If there's a Briton then, true bred and born,
Who holds dragoons and wooden-shoes in scorn;
If there's a critic of distinguish'd rage;
If there's a senior who contemns this age;
Let him to night his just assistance lend,
And be the critic's, Briton's, old-man's, friend.

WH

MACER.

A CHARACTER.

WHEN simple Macer, now of high renown,
First sought a poet's fortune in the town,
'Twas all the' ambition his high soul could feel
To wear red stockings, and to dine with Steele :
Some ends of verse his betters might afford,
And gave the harmless fellow a good word.
Set up with these he ventur'd on the town,
And with a borrow'd play outdid poor Crown.
There he stopp'd short, nor since has writ a tittle,
But has the wit to make the most of little;
Like stunted hide-bound trees, that just have got
Sufficient sap at once to bear and rot.

Now he begs verse, and what he gets commends,
Not of the wits his foes, but fools his friends.
So some coarse country wench, almost decay'd,
Trudges to town, and first turns chambermaid;
Aukward and supple each devoir to pay,
She flatters her good lady twice a-day;
Thought wondrous honest, though of mean degree,
And strangely lik'd for her simplicity:

In a translated suit then tries the town,
With borrow'd pins and patches not her own;
But just endur'd the winter she began,
And in four months a batter'd harridan :
Now nothing left, but wither'd, pale, and shrunk,
To bawd for others, and go shares with punk.

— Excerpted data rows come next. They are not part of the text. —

Lemma X1_lt c : X1 c < n.
Proof. by rewrite ltn_divLR ?ltn_ord //; case: n c => [|k] [[]]. Qed.
Lemma X2_lt c : X2 c < n.
Proof. by rewrite ltn_pmod //; case: n c => [|k] [[]]. Qed.
Lemma X3_lt c : X3 c < n.
Proof. by rewrite ltn_divLR ?ltn_ord //; case: n c => [|k] [_ []]. Qed.
Lemma X4_lt c : X4 c < n.
Proof. by rewrite ltn_pmod //; case: n c => [|k] [_ []]. Qed.

Lemma cell_eqX c c' :
  X1 c = X1 c' -> X2 c = X2 c' -> X3 c = X3 c' -> X4 c = X4 c' -> c = c'.
Proof.
case: c c' => [r k] [r' k']; rewrite /X1 /X2 /X3 /X4 /= => h1 h2 h3 h4; congr pair; apply: ord_inj.
  by rewrite (divn_eq r n) (divn_eq r' n) h1 h2.
by rewrite (divn_eq k n) (divn_eq k' n) h3 h4.
Qed.

Lemma sudoku_of_inj A :
  (forall c, A c < n * n) ->
  (forall c c', X1 c = X1 c' -> X2 c = X2 c' -> A c = A c' -> c = c') ->
  (forall c c', X3 c = X3 c' -> X4 c = X4 c' -> A c = A c' -> c = c') ->
  (forall c c', X1 c = X1 c' -> X3 c = X3 c' -> A c = A c' -> c = c') ->
  is_sudoku A.
Proof.
move=> An inj_row inj_col inj_block; split => //.
- move=> r s sn; have row_inj c c' : c.1 = c'.1 :> nat -> A c = A c' -> c = c'.
    by move=> e; apply: inj_row; rewrite /X1 /X2 e.
  exact: (card_pair_fiber card_cell (fun c => ltn_ord c.1) An row_inj (ltn_ord r) sn).
- move=> k s sn; have col_inj c c' : c.2 = c'.2 :> nat -> A c = A c' -> c = c'.
    by move=> e; apply: inj_col; rewrite /X3 /X4 e.
  exact: (card_pair_fiber card_cell (fun c => ltn_ord c.2) An col_inj (ltn_ord k) sn).
- move=> a b s sn.
  have key_lt c : numeral2 n (X1 c) (X3 c) < n * n.
    by apply: numeral2_lt; [exact: X1_lt | exact: X3_lt].
  have key_inj c c' : numeral2 n (X1 c) (X3 c) = numeral2 n (X1 c') (X3 c') -> A c = A c' -> c = c'.
    by case/numeral2_inj; [exact: X3_lt | exact: X3_lt | exact: inj_block].
  rewrite -(card_pair_fiber card_cell key_lt An key_inj (numeral2_lt (ltn_ord a) (ltn_ord b)) sn).
  by apply: eq_card => c; rewrite !inE numeral2_eq ?X3_lt.
Qed.

Lemma orthogonal_of_inj A B :
  (forall c, A c < n * n) -> (forall c, B c < n * n) ->
  (forall c c', A c = A c' -> B c = B c' -> c = c') ->
  orthogonal_on setT A B (n * n) (n * n).
Proof.
move=> An Bn inj a b an bn; rewrite -(card_pair_fiber card_cell An Bn inj an bn).
by apply: eq_card => c; rewrite !inE.
Qed.

Lemma orthogonal_on_line_of_inj (X : cell n -> nat) A B (x : 'I_n) :
  (forall c, X c < n) -> (forall c, A c < n) -> (forall c, B c < n * n) ->
  (forall c c', X c = X c' -> A c = A c' -> B c = B c' -> c = c') ->
  orthogonal_on [set c | X c == x] A B n (n * n).
Proof.
move=> Xn An Bn inj a b an bn.
have key_lt c : numeral2 n (X c) (A c) < n * n by apply: numeral2_lt.
have key_inj c c' : numeral2 n (X c) (A c) = numeral2 n (X c') (A c') -> B c = B c' -> c = c'.
  by case/numeral2_inj => //; exact: inj.
rewrite -(card_pair_fiber card_cell key_lt Bn key_inj (numeral2_lt (ltn_ord x) an) bn).
by apply: eq_card => c; rewrite !inE numeral2_eq // andbA.
Qed.

Lemma subsquares_latin_of_inj A :
  (forall c, A c < n) ->
  (forall c c', X1 c = X1 c' -> X3 c = X3 c' -> X2 c = X2 c' -> A c = A c' -> c = c') ->
  (forall c c', X1 c = X1 c' -> X3 c = X3 c' -> X4 c = X4 c' -> A c = A c' -> c = c') ->
  subsquares_latin A.
Proof.
have cardT : #|{: cell n}| = n * n * n * n by rewrite card_cell !mulnA.
have block_line (Y : cell n -> nat) (a b i : 'I_n) s :
    (forall c, Y c < n) -> (forall c, A c < n) ->
    (forall c c', X1 c = X1 c' -> X3 c = X3 c' -> Y c = Y c' -> A c = A c' -> c = c') ->
    s < n -> #|[set c | [&& in_block a b c, Y c == i & A c == s]]| = 1.
  move=> Yn An inj sn.
  have key_lt c : numeral2 n (numeral2 n (X1 c) (X3 c)) (Y c) < n * n * n.
    by do 2 apply: numeral2_lt => //; [exact: X1_lt | exact: X3_lt].
  have key_inj c c' : numeral2 n (numeral2 n (X1 c) (X3 c)) (Y c) =
      numeral2 n (numeral2 n (X1 c') (X3 c')) (Y c') -> A c = A c' -> c = c'.
    case/numeral2_inj => // /numeral2_inj [] //; [exact: X3_lt | exact: X3_lt | exact: inj].
  have key_ab := numeral2_lt (numeral2_lt (ltn_ord a) (ltn_ord b)) (ltn_ord i).
  rewrite -(card_pair_fiber cardT key_lt An key_inj key_ab sn).
  by apply: eq_card => c; rewrite !inE !numeral2_eq ?X3_lt // andbA.
move=> An inj2 inj4 a b i s sn; split; apply: block_line => //; [exact: X2_lt | exact: X4_lt].
Qed.

End Coordinates.

Arguments X1 {n}.
Arguments X2 {n}.
Arguments X3 {n}.
Arguments X4 {n}.

Section UpperBound.
Variable n : nat.
Implicit Types (c : cell n) (A : array n).

Lemma radix_lt A : is_sudoku A -> forall c, radix A c < n.
Proof. by case=> An _ _ _ c; rewrite ltn_divLR ?An //; case: n c => [|k] [[]]. Qed.

Lemma latin_column_inj A : subsquares_latin A -> (forall c, A c < n) ->
  forall c c', X1 c = X1 c' -> X3 c = X3 c' -> X4 c = X4 c' -> A c = A c' -> c = c'.
Proof.
move=> lat An c c' e1 e3 e4 eA.
have [_ /eq_leq/card_le1_eqP] :=
  lat (Ordinal (X1_lt c)) (Ordinal (X3_lt c)) (Ordinal (X4_lt c)) _ (An c).
by apply; rewrite !inE /in_block /=; move: e1 e3 e4; rewrite /X1 /X3 /X4 => -> -> ->;
  rewrite eA !eqxx.
Qed.

Lemma latin_row_hit A : subsquares_latin A -> (forall c, A c < n) ->
  forall c (i : 'I_n), exists c', [/\ X1 c' = X1 c, X3 c' = X3 c, X2 c' = i & A c' = A c].
Proof.
move=> lat An c i.
have [one_in_row _] := lat (Ordinal (X1_lt c)) (Ordinal (X3_lt c)) i _ (An c).
have /eqP/cards1P [c' /setP/(_ c')] := one_in_row.
by rewrite !inE eqxx => /and3P [/andP [/eqP e1 /eqP e3] /eqP e2 /eqP eA]; exists c'.
Qed.

Lemma sudoku_block_inj A : is_sudoku A ->
  forall c c', X1 c = X1 c' -> X3 c = X3 c' -> A c = A c' -> c = c'.
Proof.
case=> An _ _ one_in_block c c' e1 e3 eA.
have /eq_leq/card_le1_eqP := one_in_block (Ordinal (X1_lt c)) (Ordinal (X3_lt c)) _ (An c).
by apply; rewrite !inE /in_block /=; move: e1 e3; rewrite /X1 /X3 => -> ->; rewrite eA !eqxx.
Qed.

Lemma substrongly_orthogonal_card m (M : 'I_m -> array n) :
  1 < n -> substrongly_orthogonal M -> m <= n - 1.
Proof.
move=> n_gt1 [sud _ lat comp].
have nn_gt1 : 1 < n * n by nia.
pose c1 : cell n := (Ordinal nn_gt1, Ordinal (ltnW nn_gt1)).
have [c1X1 c1X2 c1X3 c1X4] : [/\ X1 c1 = 0, X2 c1 = 1, X3 c1 = 0 & X4 c1 = 0].
  by rewrite /X1 /X2 /X3 /X4 /= divn_small // modn_small // div0n mod0n.
have partner i : exists e : cell n,
    [/\ X1 e = 0, X2 e = 0, X3 e = 0, 0 < X4 e & radix (M i) e = radix (M i) c1].
  have [e [e1 e3 e2 eR]] := latin_row_hit (lat i) (radix_lt (sud i)) c1 (Ordinal (ltnW n_gt1)).
  exists e; split; rewrite ?e1 ?e2 ?e3 ?c1X1 ?c1X3 //; rewrite lt0n; apply/eqP => e4.
  have e_c1 : e = c1.
    by apply: (latin_column_inj (lat i) (radix_lt (sud i)) e1 e3 _ eR); rewrite e4 c1X4.
  by move: e2; rewrite e_c1 c1X2.
have [e eP] := fin_all_exists partner.
have col_inj : injective (X4 \o e).
  move=> i j /= e4; apply/eqP/negPn/negP => ij.
  have [[e1 e2 e3 _ eRi] [e1' e2' e3' _ eRj]] := (eP i, eP j).
  have eij : e i = e j by apply: cell_eqX; rewrite ?e1 ?e2 ?e3 ?e1' ?e2' ?e3'.
  have [Nsud _ _] := comp i j ij.
  have e_c1 : e i = c1.
    apply: (sudoku_block_inj Nsud); rewrite ?e1 ?e3 //.
    by rewrite /composite eRi eij eRj.
  by move: e2; rewrite e_c1 c1X2.
have cols_sub : {subset map (X4 \o e) (enum 'I_m) <= iota 1 (n - 1)}.
  move=> x /mapP [i _ ->]; have [_ _ _ pos _] := eP i.
  by rewrite mem_iota pos /=; have := X4_lt (e i); lia.
have := uniq_leq_size (etrans (map_inj_uniq col_inj _) (enum_uniq _)) cols_sub.
by rewrite size_map size_enum_ord size_iota.
Qed.

End UpperBound.

Section LinearForms.
Variable F : fieldType.
Local Open Scope ring_scope.

Definition radix_form (al d1 d2 d3 d4 : F) := d1 + al * d2 + al * d3 + d4.
Definition unit_form (b1 b2 b3 b4 d1 d2 d3 d4 : F) := b1 * d1 + b2 * d2 + b3 * d3 + b4 * d4.

Lemma det2_kernel0 (p q r s x y : F) : p * s - q * r != 0 ->
  p * x + q * y = 0 -> r * x + s * y = 0 -> x = 0 /\ y = 0.
Proof.
move=> det e1 e2.
have detx : (p * s - q * r) * x = s * (p * x + q * y) - q * (r * x + s * y) by ring.
have dety : (p * s - q * r) * y = p * (r * x + s * y) - r * (p * x + q * y) by ring.
move: detx dety; rewrite e1 e2 !mulr0 subrr => /eqP + /eqP.
by rewrite !mulf_eq0 (negbTE det) => /eqP -> /eqP ->.
Qed.

Lemma sudoku_row_kernel (al b1 b2 b3 b4 d1 d2 d3 d4 : F) : al * b4 - b3 != 0 -> d1 = 0 -> d2 = 0 ->
  radix_form al d1 d2 d3 d4 = 0 -> unit_form b1 b2 b3 b4 d1 d2 d3 d4 = 0 -> d3 = 0 /\ d4 = 0.
Proof.
move=> det -> -> e1 e2.
apply: (det2_kernel0 (p := al) (q := 1) (r := b3) (s := b4)); rewrite ?mul1r //.
- by rewrite -e1 /radix_form; ring.
- by rewrite -e2 /unit_form; ring.
Qed.

Lemma sudoku_col_kernel (al b1 b2 b3 b4 d1 d2 d3 d4 : F) : b2 - al * b1 != 0 -> d3 = 0 -> d4 = 0 ->
  radix_form al d1 d2 d3 d4 = 0 -> unit_form b1 b2 b3 b4 d1 d2 d3 d4 = 0 -> d1 = 0 /\ d2 = 0.
Proof.
move=> det -> -> e1 e2.
apply: (det2_kernel0 (p := 1) (q := al) (r := b1) (s := b2)); rewrite ?mul1r //.
- by rewrite -e1 /radix_form; ring.
- by rewrite -e2 /unit_form; ring.
Qed.

Lemma sudoku_box_kernel (al b1 b2 b3 b4 d1 d2 d3 d4 : F) : al * b4 - b2 != 0 -> d1 = 0 -> d3 = 0 ->
  radix_form al d1 d2 d3 d4 = 0 -> unit_form b1 b2 b3 b4 d1 d2 d3 d4 = 0 -> d2 = 0 /\ d4 = 0.
Proof.
move=> det -> -> e1 e2.
apply: (det2_kernel0 (p := al) (q := 1) (r := b2) (s := b4)); rewrite ?mul1r //.
- by rewrite -e1 /radix_form; ring.
- by rewrite -e2 /unit_form; ring.
Qed.

Lemma latin_row_kernel (al d1 d2 d3 d4 : F) :
  d1 = 0 -> d2 = 0 -> d3 = 0 -> radix_form al d1 d2 d3 d4 = 0 -> d4 = 0.
Proof. by move=> -> -> ->; rewrite /radix_form !mulr0 !add0r. Qed.

Lemma latin_col_kernel (al d1 d2 d3 d4 : F) : al != 0 ->
  d1 = 0 -> d3 = 0 -> d4 = 0 -> radix_form al d1 d2 d3 d4 = 0 -> d2 = 0.
Proof.
move=> al0 -> -> ->; rewrite /radix_form !mulr0 !addr0 add0r => /eqP.
by rewrite mulf_eq0 (negbTE al0) => /eqP.
Qed.

Lemma radix_pair_kernel (al be d1 d2 d3 d4 : F) : al != be ->
  radix_form al d1 d2 d3 d4 = 0 -> radix_form be d1 d2 d3 d4 = 0 -> d3 = - d2 /\ d4 = - d1.
Proof.
move=> al_be e1 e2.
have : (al - be) * (d2 + d3) = 0.
  by rewrite -[0]subr0 -{1}e1 -e2 /radix_form; ring.
move/eqP; rewrite mulf_eq0 subr_eq0 (negbTE al_be) addrC addr_eq0 => /eqP d3E.
split => //; apply/eqP; rewrite -addr_eq0 addrC; apply/eqP.
by rewrite -e1 /radix_form d3E; ring.
Qed.

Lemma composite_row_kernel (al be d1 d2 d3 d4 : F) : al != be -> d1 = 0 -> d2 = 0 ->
  radix_form al d1 d2 d3 d4 = 0 -> radix_form be d1 d2 d3 d4 = 0 -> d3 = 0 /\ d4 = 0.
Proof.
by move=> al_be d10 d20 /(radix_pair_kernel al_be) /[apply] [[-> ->]]; rewrite d10 d20 oppr0.
Qed.

Lemma composite_col_kernel (al be d1 d2 d3 d4 : F) : al != be -> d3 = 0 -> d4 = 0 ->
  radix_form al d1 d2 d3 d4 = 0 -> radix_form be d1 d2 d3 d4 = 0 -> d1 = 0 /\ d2 = 0.
Proof.
move=> al_be -> -> /(radix_pair_kernel al_be) /[apply] [[/esym/eqP + /esym/eqP]].
by rewrite !oppr_eq0 => /eqP -> /eqP ->.
Qed.

Lemma composite_box_kernel (al be d1 d2 d3 d4 : F) : al != be -> d1 = 0 -> d3 = 0 ->
  radix_form al d1 d2 d3 d4 = 0 -> radix_form be d1 d2 d3 d4 = 0 -> d2 = 0 /\ d4 = 0.
Proof.
move=> al_be d10 -> /(radix_pair_kernel al_be) /[apply] [[/esym/eqP + ->]].
by rewrite oppr_eq0 d10 oppr0 => /eqP.
Qed.

Lemma large_row_kernel (al be b1 b2 b3 b4 d1 d2 d3 d4 : F) : al != be -> b2 != b3 -> d1 = 0 ->
  radix_form al d1 d2 d3 d4 = 0 -> radix_form be d1 d2 d3 d4 = 0 ->
  unit_form b1 b2 b3 b4 d1 d2 d3 d4 = 0 -> [/\ d2 = 0, d3 = 0 & d4 = 0].
Proof.
move=> al_be b23 d10 /(radix_pair_kernel al_be) /[apply] [[d3E d4E]] e.
have : (b2 - b3) * d2 = 0 by rewrite -e /unit_form d3E d4E d10; ring.
move/eqP; rewrite mulf_eq0 subr_eq0 (negbTE b23) => /eqP d20.
by rewrite d3E d4E d10 d20 oppr0.
Qed.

SONG BY A PERSON OF QUALITY.

Written in the Year 1733.

FLUTTERING spread thy purple pinions,
Gentle Cupid! o'er my heart;

I a slave in thy dominions:
Nature must give way to art.

Mild Arcadians, ever blooming,
Nightly nodding o'er your flocks,
See my weary days consuming
All beneath yon flowery rocks.
Thus the Cyprian-goddess weeping,
Mourn'd Adonis, darling youth!
Him the boar, in silence creeping,
Gor'd with unrelenting tooth.

Cynthia! tune harmonious numbers;
Fair Discretion! string the lyre;
Soothe my ever-waking slumbers;
Bright Apollo ! lend thy choir.

Gloomy Pluto! king of terrors,
Arm'd in adamantine chains,
Lead me to the crystal mirrors
Watering soft Elysian plains.
Mournful cypress, verdant willow,
Gilding my Aurelia's brows,
Morpheus hovering o'er my pillow,
Hear me pay my dying vows.

Melancholy, smooth Mæander,
Swiftly purling in a round,
On thy margin lovers wander,
With thy flowery chaplets crown'd.

Thus when Philomela drooping,
Softly seeks her silent mate,
See the bird of Juno stooping;
Melody resigns to fate.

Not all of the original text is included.